(Dataset entries)
==*==

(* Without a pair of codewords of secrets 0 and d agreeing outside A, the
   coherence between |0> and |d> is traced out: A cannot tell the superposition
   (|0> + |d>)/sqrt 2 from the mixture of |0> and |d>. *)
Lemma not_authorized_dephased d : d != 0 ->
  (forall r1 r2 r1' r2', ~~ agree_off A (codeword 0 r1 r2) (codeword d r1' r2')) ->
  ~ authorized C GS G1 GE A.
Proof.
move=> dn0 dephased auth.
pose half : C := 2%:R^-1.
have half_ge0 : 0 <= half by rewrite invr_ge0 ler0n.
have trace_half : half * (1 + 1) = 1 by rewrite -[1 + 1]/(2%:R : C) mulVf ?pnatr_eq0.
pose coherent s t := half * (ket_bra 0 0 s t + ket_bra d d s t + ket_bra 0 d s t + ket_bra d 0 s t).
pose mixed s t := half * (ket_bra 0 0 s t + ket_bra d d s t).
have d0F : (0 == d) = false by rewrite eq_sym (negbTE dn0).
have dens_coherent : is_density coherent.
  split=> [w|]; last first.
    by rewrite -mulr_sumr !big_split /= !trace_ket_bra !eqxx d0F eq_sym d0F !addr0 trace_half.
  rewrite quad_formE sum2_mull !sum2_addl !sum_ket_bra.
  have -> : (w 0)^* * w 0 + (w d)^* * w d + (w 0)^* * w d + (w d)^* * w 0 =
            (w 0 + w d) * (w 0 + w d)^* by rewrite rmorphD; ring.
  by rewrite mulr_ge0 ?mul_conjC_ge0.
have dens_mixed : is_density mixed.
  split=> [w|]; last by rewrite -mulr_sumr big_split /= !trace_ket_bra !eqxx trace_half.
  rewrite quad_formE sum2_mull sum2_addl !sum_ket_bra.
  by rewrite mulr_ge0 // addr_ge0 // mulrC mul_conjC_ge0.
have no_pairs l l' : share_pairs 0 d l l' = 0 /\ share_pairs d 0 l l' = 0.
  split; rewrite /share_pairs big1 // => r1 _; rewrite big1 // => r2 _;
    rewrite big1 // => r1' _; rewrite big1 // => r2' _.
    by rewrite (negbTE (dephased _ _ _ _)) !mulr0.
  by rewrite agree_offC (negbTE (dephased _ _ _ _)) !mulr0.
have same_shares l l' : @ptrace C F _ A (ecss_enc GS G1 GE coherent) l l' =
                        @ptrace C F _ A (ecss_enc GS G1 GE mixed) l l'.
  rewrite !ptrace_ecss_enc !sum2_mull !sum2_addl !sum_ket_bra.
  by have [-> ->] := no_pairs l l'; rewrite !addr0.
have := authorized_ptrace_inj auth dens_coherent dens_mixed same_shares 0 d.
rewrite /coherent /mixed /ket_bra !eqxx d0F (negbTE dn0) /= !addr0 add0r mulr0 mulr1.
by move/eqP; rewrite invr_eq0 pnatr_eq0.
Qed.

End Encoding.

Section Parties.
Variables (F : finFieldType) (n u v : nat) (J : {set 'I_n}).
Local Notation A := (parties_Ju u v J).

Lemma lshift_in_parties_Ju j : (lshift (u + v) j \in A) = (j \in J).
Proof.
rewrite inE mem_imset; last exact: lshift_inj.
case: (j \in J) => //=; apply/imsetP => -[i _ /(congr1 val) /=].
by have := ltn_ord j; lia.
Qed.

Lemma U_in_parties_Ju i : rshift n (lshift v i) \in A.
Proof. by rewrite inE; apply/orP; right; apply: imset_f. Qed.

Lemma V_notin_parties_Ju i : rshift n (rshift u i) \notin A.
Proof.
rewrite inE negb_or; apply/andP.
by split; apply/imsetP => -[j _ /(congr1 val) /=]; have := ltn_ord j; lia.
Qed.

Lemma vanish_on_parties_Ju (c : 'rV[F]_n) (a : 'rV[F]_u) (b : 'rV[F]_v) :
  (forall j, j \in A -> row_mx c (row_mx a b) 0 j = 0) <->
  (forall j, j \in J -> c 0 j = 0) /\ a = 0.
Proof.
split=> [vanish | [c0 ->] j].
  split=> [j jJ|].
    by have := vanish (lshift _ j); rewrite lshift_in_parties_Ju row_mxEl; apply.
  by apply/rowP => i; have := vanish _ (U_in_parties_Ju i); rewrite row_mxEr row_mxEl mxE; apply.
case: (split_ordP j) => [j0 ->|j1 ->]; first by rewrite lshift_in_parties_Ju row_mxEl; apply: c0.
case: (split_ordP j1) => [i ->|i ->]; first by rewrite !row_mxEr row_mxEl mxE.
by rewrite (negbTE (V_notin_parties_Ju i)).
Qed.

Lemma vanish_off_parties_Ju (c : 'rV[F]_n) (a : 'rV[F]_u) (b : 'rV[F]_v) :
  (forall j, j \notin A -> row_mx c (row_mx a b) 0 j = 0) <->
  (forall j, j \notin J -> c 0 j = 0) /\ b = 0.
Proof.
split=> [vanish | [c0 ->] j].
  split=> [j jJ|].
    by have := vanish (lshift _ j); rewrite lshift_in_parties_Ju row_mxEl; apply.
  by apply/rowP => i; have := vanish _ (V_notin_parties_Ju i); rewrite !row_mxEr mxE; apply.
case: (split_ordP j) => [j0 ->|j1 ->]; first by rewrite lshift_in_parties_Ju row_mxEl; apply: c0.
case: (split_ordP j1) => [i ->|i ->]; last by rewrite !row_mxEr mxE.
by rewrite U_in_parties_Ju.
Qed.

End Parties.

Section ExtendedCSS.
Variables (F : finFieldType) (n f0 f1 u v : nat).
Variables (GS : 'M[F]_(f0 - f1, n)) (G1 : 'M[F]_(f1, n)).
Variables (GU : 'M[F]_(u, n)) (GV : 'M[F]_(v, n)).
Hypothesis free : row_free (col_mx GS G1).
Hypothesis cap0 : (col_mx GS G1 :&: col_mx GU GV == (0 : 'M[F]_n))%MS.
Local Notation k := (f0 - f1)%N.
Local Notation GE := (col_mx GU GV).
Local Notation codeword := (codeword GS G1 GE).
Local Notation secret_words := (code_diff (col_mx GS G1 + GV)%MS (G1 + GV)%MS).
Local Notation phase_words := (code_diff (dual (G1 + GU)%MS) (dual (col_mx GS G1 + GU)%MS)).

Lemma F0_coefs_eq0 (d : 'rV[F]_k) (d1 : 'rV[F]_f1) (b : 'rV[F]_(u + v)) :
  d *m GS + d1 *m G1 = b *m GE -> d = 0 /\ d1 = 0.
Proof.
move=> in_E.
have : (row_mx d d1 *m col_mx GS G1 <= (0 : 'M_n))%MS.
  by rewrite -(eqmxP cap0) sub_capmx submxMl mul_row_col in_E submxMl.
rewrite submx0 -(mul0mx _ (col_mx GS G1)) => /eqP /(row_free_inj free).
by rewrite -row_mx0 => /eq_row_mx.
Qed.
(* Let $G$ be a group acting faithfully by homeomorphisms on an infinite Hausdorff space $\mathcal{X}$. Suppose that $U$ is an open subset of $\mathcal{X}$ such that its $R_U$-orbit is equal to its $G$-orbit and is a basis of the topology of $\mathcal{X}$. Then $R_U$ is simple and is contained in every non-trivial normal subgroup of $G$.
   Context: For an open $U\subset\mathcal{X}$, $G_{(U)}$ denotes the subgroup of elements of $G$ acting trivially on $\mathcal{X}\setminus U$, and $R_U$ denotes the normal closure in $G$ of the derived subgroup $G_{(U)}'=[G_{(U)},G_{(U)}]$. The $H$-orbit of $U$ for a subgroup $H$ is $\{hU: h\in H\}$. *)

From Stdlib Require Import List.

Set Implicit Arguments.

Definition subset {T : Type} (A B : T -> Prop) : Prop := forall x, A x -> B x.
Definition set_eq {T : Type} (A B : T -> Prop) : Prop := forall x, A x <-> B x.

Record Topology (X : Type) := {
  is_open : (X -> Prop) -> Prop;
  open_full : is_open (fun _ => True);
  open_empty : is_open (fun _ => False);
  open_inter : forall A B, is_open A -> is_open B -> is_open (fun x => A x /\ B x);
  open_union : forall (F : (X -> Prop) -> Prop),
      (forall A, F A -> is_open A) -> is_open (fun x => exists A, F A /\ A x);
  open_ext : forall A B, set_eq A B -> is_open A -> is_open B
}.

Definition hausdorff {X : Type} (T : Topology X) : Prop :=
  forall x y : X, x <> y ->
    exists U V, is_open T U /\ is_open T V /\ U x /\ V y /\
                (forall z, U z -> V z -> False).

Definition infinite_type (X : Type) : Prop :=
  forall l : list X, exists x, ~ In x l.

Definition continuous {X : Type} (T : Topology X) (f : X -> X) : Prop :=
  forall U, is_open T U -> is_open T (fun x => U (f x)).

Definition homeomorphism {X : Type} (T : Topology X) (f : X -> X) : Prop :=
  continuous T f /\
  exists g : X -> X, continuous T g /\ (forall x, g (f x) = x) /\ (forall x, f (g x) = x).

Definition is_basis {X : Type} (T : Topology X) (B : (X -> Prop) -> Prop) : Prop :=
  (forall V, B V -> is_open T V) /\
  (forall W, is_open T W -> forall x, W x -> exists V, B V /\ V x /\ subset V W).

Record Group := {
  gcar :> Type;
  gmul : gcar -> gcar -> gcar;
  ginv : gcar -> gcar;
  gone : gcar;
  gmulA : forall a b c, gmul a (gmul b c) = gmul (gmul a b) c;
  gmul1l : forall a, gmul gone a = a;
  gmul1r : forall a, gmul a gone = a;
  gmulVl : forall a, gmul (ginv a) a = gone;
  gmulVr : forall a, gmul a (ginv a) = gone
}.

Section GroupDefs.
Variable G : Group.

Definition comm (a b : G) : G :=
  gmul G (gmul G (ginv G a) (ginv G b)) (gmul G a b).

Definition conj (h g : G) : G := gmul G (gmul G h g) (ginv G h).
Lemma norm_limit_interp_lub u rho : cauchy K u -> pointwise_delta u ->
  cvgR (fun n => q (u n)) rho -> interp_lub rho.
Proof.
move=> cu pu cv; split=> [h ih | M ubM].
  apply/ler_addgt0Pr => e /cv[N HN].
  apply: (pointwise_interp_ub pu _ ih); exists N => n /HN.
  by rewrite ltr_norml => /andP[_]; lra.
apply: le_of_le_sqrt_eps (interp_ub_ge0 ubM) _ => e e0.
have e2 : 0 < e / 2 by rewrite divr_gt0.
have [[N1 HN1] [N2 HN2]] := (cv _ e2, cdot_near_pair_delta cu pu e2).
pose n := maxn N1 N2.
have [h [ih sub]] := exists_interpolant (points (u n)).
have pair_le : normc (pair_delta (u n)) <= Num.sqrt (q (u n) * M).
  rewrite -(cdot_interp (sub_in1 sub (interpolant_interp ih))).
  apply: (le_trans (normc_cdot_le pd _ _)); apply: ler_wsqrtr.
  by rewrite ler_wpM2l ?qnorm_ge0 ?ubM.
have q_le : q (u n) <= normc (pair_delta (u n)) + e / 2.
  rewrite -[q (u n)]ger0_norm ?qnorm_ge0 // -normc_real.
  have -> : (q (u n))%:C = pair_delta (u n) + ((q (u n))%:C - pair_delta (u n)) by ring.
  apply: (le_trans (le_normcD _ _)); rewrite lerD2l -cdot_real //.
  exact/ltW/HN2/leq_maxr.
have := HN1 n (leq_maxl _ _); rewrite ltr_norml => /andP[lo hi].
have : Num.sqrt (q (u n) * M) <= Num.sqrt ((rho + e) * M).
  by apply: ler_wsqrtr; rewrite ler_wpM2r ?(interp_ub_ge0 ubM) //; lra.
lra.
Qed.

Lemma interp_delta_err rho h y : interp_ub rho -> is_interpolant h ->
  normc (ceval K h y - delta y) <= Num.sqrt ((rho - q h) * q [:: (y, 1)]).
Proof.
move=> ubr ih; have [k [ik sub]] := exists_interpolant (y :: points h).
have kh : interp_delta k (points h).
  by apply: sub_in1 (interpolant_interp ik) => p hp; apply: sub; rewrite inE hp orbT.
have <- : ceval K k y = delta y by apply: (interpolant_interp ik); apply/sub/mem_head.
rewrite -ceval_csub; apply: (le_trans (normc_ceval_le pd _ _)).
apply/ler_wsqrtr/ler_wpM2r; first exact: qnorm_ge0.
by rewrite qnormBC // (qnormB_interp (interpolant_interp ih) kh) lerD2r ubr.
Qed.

==*==

Nothing but the lines from the start of the data above through the line with "have d0F : (0" should appear in your answer, copied exactly.

• Answer:
(* Without a pair of codewords of secrets 0 and d agreeing outside A, the
   coherence between |0> and |d> is traced out: A cannot tell the superposition
   (|0> + |d>)/sqrt 2 from the mixture of |0> and |d>. *)
Lemma not_authorized_dephased d : d != 0 ->
  (forall r1 r2 r1' r2', ~~ agree_off A (codeword 0 r1 r2) (codeword d r1' r2')) ->
  ~ authorized C GS G1 GE A.
Proof.
move=> dn0 dephased auth.
pose half : C := 2%:R^-1.
have half_ge0 : 0 <= half by rewrite invr_ge0 ler0n.
have trace_half : half * (1 + 1) = 1 by rewrite -[1 + 1]/(2%:R : C) mulVf ?pnatr_eq0.
pose coherent s t := half * (ket_bra 0 0 s t + ket_bra d d s t + ket_bra 0 d s t + ket_bra d 0 s t).
pose mixed s t := half * (ket_bra 0 0 s t + ket_bra d d s t).
have d0F : (0 == d) = false by rewrite eq_sym (negbTE dn0).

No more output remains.